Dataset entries
(* The Veech homomorphism $V\colon \mathrm{Aff}(S_E)\to GL(2,\mathbb R)$, $\Psi\mapsto D\Psi$, is injective. Moreover, $\mathrm{Aff}(S_E)$ is generated by the three affine automorphisms $\Psi_\alpha,\Psi_\beta,\Psi_\gamma$ whose derivatives are $$\alpha=\begin{pmatrix}1&0\\0&-1\end{pmatrix},\qquad \beta=\begin{pmatrix}\tfrac12&\tfrac{\sqrt3}{2}\\ \tfrac{\sqrt3}{2}&-\tfrac12\end{pmatrix},\qquad \gamma=\begin{pmatrix}-1&2\sqrt3\\0&1\end{pmatrix}.$$ Consequently the Veech group $V(S_E)$ is generated by $\alpha,\beta,\gamma$.
   Context: Let $E$ be the regular hexagon of side length $1$, centred at the origin, with two horizontal sides. Gluing each pair of opposite parallel sides by the translation identifying them gives a translation surface $S_E$: a flat torus carrying two marked points, namely the two equivalence classes of vertices of $E$; let $\Sigma$ denote the set of these two marked points. An affine automorphism of $S_E$ is a homeomorphism $\Psi\colon S_E\to S_E$ such that: - $\Psi(\Sigma)=\Sigma$; - on $S_E\setminus\Sigma$, $\Psi$ is a diffeomorphism whose derivative, computed in the translation charts, is a constant matrix $D\Psi\in GL(2,\mathbb R)$. Orientation-reversing affine automorphisms are allowed. They form a group $\mathrm{Aff}(S_E)$. The Veech group $V(S_E)$ is the image of $\mathrm{Aff}(S_E)$ under $\Psi\mapsto D\Psi$; it is contained in the group of real $2\times 2$ matrices of determinant $\pm1$. *)

From Stdlib Require Import Reals ZArith List.
Open Scope R_scope.

Definition pt : Type := (R * R)%type.
Definition padd (u v : pt) : pt := (fst u + fst v, snd u + snd v).
Definition psub (u v : pt) : pt := (fst u - fst v, snd u - snd v).
Definition pscale (k : R) (u : pt) : pt := (k * fst u, k * snd u).
Definition pnorm (u : pt) : R := sqrt (fst u ^ 2 + snd u ^ 2).

Record mat2 : Type := Mat2 { m11 : R; m12 : R; m21 : R; m22 : R }.
Definition mat_apply (A : mat2) (u : pt) : pt :=
  (m11 A * fst u + m12 A * snd u, m21 A * fst u + m22 A * snd u).
Definition mat_mul (A B : mat2) : mat2 :=
  Mat2 (m11 A * m11 B + m12 A * m21 B) (m11 A * m12 B + m12 A * m22 B)
       (m21 A * m11 B + m22 A * m21 B) (m21 A * m12 B + m22 A * m22 B).
Definition mat_id : mat2 := Mat2 1 0 0 1.
Definition mat_det (A : mat2) : R := m11 A * m22 A - m12 A * m21 A.

Definition hex_vertices : list pt :=
  (1, 0) :: (1/2, sqrt 3 / 2) :: (-1/2, sqrt 3 / 2) :: (-1, 0)
  :: (-1/2, - (sqrt 3 / 2)) :: (1/2, - (sqrt 3 / 2)) :: nil.

(** Translations identifying the three pairs of opposite parallel sides. *)
Definition glue1 : pt := (0, sqrt 3).
Definition glue2 : pt := (3/2, sqrt 3 / 2).
Definition glue3 : pt := (3/2, - (sqrt 3 / 2)).

Definition in_lattice (v : pt) : Prop :=
  exists a b c : Z,
    v = padd (pscale (IZR a) glue1) (padd (pscale (IZR b) glue2) (pscale (IZR c) glue3)).

(** S_E = E / gluing = R^2 / Lambda; points of S_E are represented by points of
    R^2, and two representatives give the same point of S_E iff [equiv]. *)
Definition equiv (x y : pt) : Prop := in_lattice (psub x y).

Definition is_marked (x : pt) : Prop := exists w, In w hex_vertices /\ equiv x w.

Definition respects (F : pt -> pt) : Prop := forall x y, equiv x y -> equiv (F x) (F y).

Definition map_eq (F G : pt -> pt) : Prop := forall x, equiv (F x) (G x).

Definition near (u v : pt) (eps : R) : Prop :=
  exists l, in_lattice l /\ pnorm (psub (psub u v) l) < eps.

(** Continuity of a map of S_E (quotient topology = flat metric topology). *)
Definition quot_continuous (F : pt -> pt) : Prop :=
  forall x eps, 0 < eps -> exists delta, 0 < delta /\
    forall y, pnorm (psub y x) < delta -> near (F y) (F x) eps.

Definition is_homeo (F : pt -> pt) : Prop :=
  respects F /\ quot_continuous F /\
  exists G, respects G /\ quot_continuous G /\
    map_eq (fun x => G (F x)) (fun x => x) /\ map_eq (fun x => F (G x)) (fun x => x).

(** In translation charts around any non-marked point, F is affine with linear
    part A, i.e. F is smooth there with constant derivative A. *)
Definition locally_affine_off_marked (F : pt -> pt) (A : mat2) : Prop :=
  forall x, ~ is_marked x ->
    exists delta c, 0 < delta /\
      forall y, pnorm (psub y x) < delta -> equiv (F y) (padd (mat_apply A y) c).

Definition is_affine_aut (F : pt -> pt) (A : mat2) : Prop :=
  is_homeo F /\
  (forall x, is_marked (F x) <-> is_marked x) /\
  mat_det A <> 0 /\
  locally_affine_off_marked F A.

Inductive aff_gen (f1 f2 f3 : pt -> pt) : (pt -> pt) -> Prop :=
| ag_1 : aff_gen f1 f2 f3 f1
| ag_2 : aff_gen f1 f2 f3 f2
| ag_3 : aff_gen f1 f2 f3 f3
| ag_id : aff_gen f1 f2 f3 (fun x => x)
| ag_comp : forall f g, aff_gen f1 f2 f3 f -> aff_gen f1 f2 f3 g ->
    aff_gen f1 f2 f3 (fun x => f (g x))
| ag_inv : forall f g, aff_gen f1 f2 f3 f ->
    map_eq (fun x => g (f x)) (fun x => x) -> map_eq (fun x => f (g x)) (fun x => x) ->
    aff_gen f1 f2 f3 g
| ag_eq : forall f g, aff_gen f1 f2 f3 f -> map_eq f g -> aff_gen f1 f2 f3 g.

Inductive mat_gen (A1 A2 A3 : mat2) : mat2 -> Prop :=
| mg_1 : mat_gen A1 A2 A3 A1
| mg_2 : mat_gen A1 A2 A3 A2
| mg_3 : mat_gen A1 A2 A3 A3
| mg_id : mat_gen A1 A2 A3 mat_id
| mg_mul : forall A B, mat_gen A1 A2 A3 A -> mat_gen A1 A2 A3 B ->
    mat_gen A1 A2 A3 (mat_mul A B)
| mg_inv : forall A B, mat_gen A1 A2 A3 A ->
    mat_mul A B = mat_id -> mat_mul B A = mat_id -> mat_gen A1 A2 A3 B.

Definition alpha : mat2 := Mat2 1 0 0 (-1).
Definition beta : mat2 := Mat2 (1/2) (sqrt 3 / 2) (sqrt 3 / 2) (-1/2).
Definition gamma : mat2 := Mat2 (-1) (2 * sqrt 3) 0 1.

From Stdlib Require Import Reals Lra Lia Psatz ZArith Nsatz Classical.
Open Scope R_scope.

(* Away from the marked points, F y - A y is locally constant modulo the lattice.
   The marked points are isolated and F is continuous, so it is locally constant
   everywhere, and moving along segments gives F y = A y + t mod the lattice for one
   t.  As F respects the lattice, A maps it into itself: in the basis glue2, glue3
   it is an integer matrix M, and the inverse of F shows that M is unimodular.
   Sending the two vertex classes ±(1/3, 1/3) to themselves while 0 is unmarked
   forces t into the lattice and M into a congruence group Gamma; conversely every
   M in Gamma is induced by the linear map itself.  Hence the Veech homomorphism is
   injective with image Gamma, and Gamma is generated by the matrices of alpha,
   beta, gamma through a Euclidean descent on the first column. *)

Lemma sqrt3_sq : sqrt 3 * sqrt 3 = 3.
Proof. apply sqrt_sqrt; lra. Qed.

Lemma sqrt3_pos : 0 < sqrt 3.
Proof. apply sqrt_lt_R0; lra. Qed.

Lemma sqrt3_lt_2 : sqrt 3 < 2.
Proof. pose proof sqrt3_sq; pose proof sqrt3_pos; nra. Qed.

(* Identities in Q(sqrt 3): [nsatz] knows no inverses, so the constants
   /2, /3, /4, /6 and sqrt 3 become variables constrained by their defining
   equations. *)
Ltac sqrt3_nsatz :=
  repeat match goal with H : ?T |- _ =>
    lazymatch type of T with
    | Prop => lazymatch T with @eq R _ _ => fail | _ => clear H end
    end end;
  unfold Rdiv in *;
  let h2 := fresh in let h3 := fresh in let h4 := fresh in
  let h6 := fresh in let hs := fresh in
  assert (h2 : 2 * /2 = 1) by field;
  assert (h3 : 3 * /3 = 1) by field;
  assert (h4 : 4 * /4 = 1) by field;
  assert (h6 : 6 * /6 = 1) by field;
  pose proof sqrt3_sq as hs;
  generalize dependent (/2); generalize dependent (/3);
  generalize dependent (/4); generalize dependent (/6);
  generalize dependent (sqrt 3); intros; nsatz.

Ltac negIZR :=
  repeat match goal with |- context [IZR (Zneg ?p)] =>
    change (IZR (Zneg p)) with (- IZR (Zpos p)) end.

Ltac izr :=
  repeat first [rewrite plus_IZR | rewrite minus_IZR | rewrite mult_IZR | rewrite opp_IZR].

Ltac lia_mod3 :=
  repeat match goal with
  | |- context [ (?x mod 3)%Z ] =>
      pose proof (Z.div_mod x 3 ltac:(lia)); pose proof (Z.mod_pos_bound x 3 ltac:(lia));
      generalize dependent (x mod 3)%Z; generalize dependent (x / 3)%Z; intros
  | |- context [ (?x / 3)%Z ] =>
      pose proof (Z.div_mod x 3 ltac:(lia)); pose proof (Z.mod_pos_bound x 3 ltac:(lia));
      generalize dependent (x mod 3)%Z; generalize dependent (x / 3)%Z; intros
  | H : context [ (?x mod 3)%Z ] |- _ =>
      pose proof (Z.div_mod x 3 ltac:(lia)); pose proof (Z.mod_pos_bound x 3 ltac:(lia));
      generalize dependent (x mod 3)%Z; generalize dependent (x / 3)%Z; intros
  end; lia.

(** * Lattice coordinates *)

(* Coordinates in the basis [glue2], [glue3] of the lattice ([glue1 = glue2 - glue3]). *)
Definition lat1 (v : pt) : R := fst v / 3 + snd v * sqrt 3 / 3.
Definition lat2 (v : pt) : R := fst v / 3 - snd v * sqrt 3 / 3.

Definition is_int (r : R) : Prop := exists m : Z, r = IZR m.

Lemma is_int_0 : is_int 0.
Proof. exists 0%Z; reflexivity. Qed.

Lemma is_int_add r1 r2 : is_int r1 -> is_int r2 -> is_int (r1 + r2).
Proof. intros [a ->] [b ->]. exists (a + b)%Z. now rewrite plus_IZR. Qed.

Lemma is_int_opp r : is_int r -> is_int (- r).
Proof. intros [a ->]. exists (- a)%Z. now rewrite opp_IZR. Qed.

Lemma is_int_sub r1 r2 : is_int r1 -> is_int r2 -> is_int (r1 - r2).
Proof. intros. apply is_int_add; [|apply is_int_opp]; assumption. Qed.

Lemma is_int_IZR_mul z r : is_int r -> is_int (IZR z * r).
Proof. intros [a ->]. exists (z * a)%Z. now rewrite mult_IZR. Qed.

Lemma is_int_eq r1 r2 : r1 = r2 -> is_int r1 -> is_int r2.
Proof. now intros ->. Qed.

Lemma lat_coordK v : v = (3/2 * (lat1 v + lat2 v), sqrt 3 / 2 * (lat1 v - lat2 v)).
Proof. destruct v as [x y]; unfold lat1, lat2; simpl; f_equal; sqrt3_nsatz. Qed.

Lemma lat_coord_inj u v : lat1 u = lat1 v -> lat2 u = lat2 v -> u = v.
Proof. intros H1 H2. now rewrite (lat_coordK u), (lat_coordK v), H1, H2. Qed.

Lemma lat_coord_surj s t : exists x, lat1 x = s /\ lat2 x = t.
Proof.
  exists (3/2 * (s + t), sqrt 3 / 2 * (s - t)).
  unfold lat1, lat2; cbn [fst snd]; split; sqrt3_nsatz.
Qed.

Lemma lat1_add u v : lat1 (padd u v) = lat1 u + lat1 v.
Proof. unfold lat1, padd; simpl; field. Qed.
Lemma lat2_add u v : lat2 (padd u v) = lat2 u + lat2 v.
Proof. unfold lat2, padd; simpl; field. Qed.
Lemma lat1_sub u v : lat1 (psub u v) = lat1 u - lat1 v.
Proof. unfold lat1, psub; simpl; field. Qed.
Lemma lat2_sub u v : lat2 (psub u v) = lat2 u - lat2 v.
Proof. unfold lat2, psub; simpl; field. Qed.
Lemma lat1_0 : lat1 (0, 0) = 0.
Proof. unfold lat1; simpl; field. Qed.
Lemma lat2_0 : lat2 (0, 0) = 0.
Proof. unfold lat2; simpl; field. Qed.

Lemma in_lattice_lat v : in_lattice v <-> is_int (lat1 v) /\ is_int (lat2 v).
Proof.
  split.
  - intros (a & b & c & ->).
    unfold lat1, lat2, glue1, glue2, glue3, padd, pscale; cbn [fst snd]; split.
    + exists (a + b)%Z. rewrite plus_IZR. sqrt3_nsatz.
    + exists (c - a)%Z. rewrite minus_IZR. sqrt3_nsatz.
  - intros [[m Hm] [n Hn]]. exists 0%Z, m, n.
    destruct v as [x y]; unfold lat1, lat2 in *; cbn [fst snd] in *.
    unfold glue1, glue2, glue3, padd, pscale; cbn [fst snd]. f_equal; sqrt3_nsatz.
Qed.

Lemma equiv_lat u v : equiv u v <-> is_int (lat1 u - lat1 v) /\ is_int (lat2 u - lat2 v).
Proof. unfold equiv. now rewrite in_lattice_lat, lat1_sub, lat2_sub. Qed.

Lemma equiv_refl u : equiv u u.
Proof.
  apply equiv_lat; split; (apply (is_int_eq 0); [ring | apply is_int_0]).
Qed.

Lemma equiv_sym u v : equiv u v -> equiv v u.
Proof.
  rewrite !equiv_lat; intros [H1 H2]; split.
  - apply (is_int_eq (- (lat1 u - lat1 v))); [ring | now apply is_int_opp].
  - apply (is_int_eq (- (lat2 u - lat2 v))); [ring | now apply is_int_opp].
Qed.

Lemma equiv_trans u v w : equiv u v -> equiv v w -> equiv u w.
Proof.
  rewrite !equiv_lat; intros [H1 H2] [H3 H4]; split.
  - apply (is_int_eq ((lat1 u - lat1 v) + (lat1 v - lat1 w))); [ring | now apply is_int_add].
  - apply (is_int_eq ((lat2 u - lat2 v) + (lat2 v - lat2 w))); [ring | now apply is_int_add].
Qed.

Lemma in_lattice_equiv0 l : in_lattice l <-> equiv l (0, 0).
Proof. now rewrite equiv_lat, in_lattice_lat, lat1_0, lat2_0, !Rminus_0_r. Qed.

Lemma in_lattice0 : in_lattice (0, 0).
Proof. apply in_lattice_equiv0, equiv_refl. Qed.

Lemma in_lattice_glue2 : in_lattice glue2.
Proof.
  exists 0%Z, 1%Z, 0%Z. unfold padd, pscale, glue1, glue2, glue3; simpl; f_equal; ring.
Qed.

Lemma in_lattice_glue3 : in_lattice glue3.
Proof.
  exists 0%Z, 0%Z, 1%Z. unfold padd, pscale, glue1, glue2, glue3; simpl; f_equal; ring.
Qed.

Lemma equiv_padd_lattice v t : in_lattice t -> equiv (padd v t) v.
Proof.
  rewrite in_lattice_lat, equiv_lat, lat1_add, lat2_add; intros [H1 H2]; split.
  - revert H1; apply is_int_eq; ring.
  - revert H2; apply is_int_eq; ring.
Qed.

* _Exercise instructions_: Could you return exactly the stretch of the data above that starts at the line with "Lemma is_int_IZR_mul z" and ends at the line with "exists (3/2 *", both lines included?

* _Result for this task_:
Lemma is_int_IZR_mul z r : is_int r -> is_int (IZR z * r).
Proof. intros [a ->]. exists (z * a)%Z. now rewrite mult_IZR. Qed.

Lemma is_int_eq r1 r2 : r1 = r2 -> is_int r1 -> is_int r2.
Proof. now intros ->. Qed.

Lemma lat_coordK v : v = (3/2 * (lat1 v + lat2 v), sqrt 3 / 2 * (lat1 v - lat2 v)).
Proof. destruct v as [x y]; unfold lat1, lat2; simpl; f_equal; sqrt3_nsatz. Qed.

Lemma lat_coord_inj u v : lat1 u = lat1 v -> lat2 u = lat2 v -> u = v.
Proof. intros H1 H2. now rewrite (lat_coordK u), (lat_coordK v), H1, H2. Qed.

Lemma lat_coord_surj s t : exists x, lat1 x = s /\ lat2 x = t.
Proof.
  exists (3/2 * (s + t), sqrt 3 / 2 * (s - t)).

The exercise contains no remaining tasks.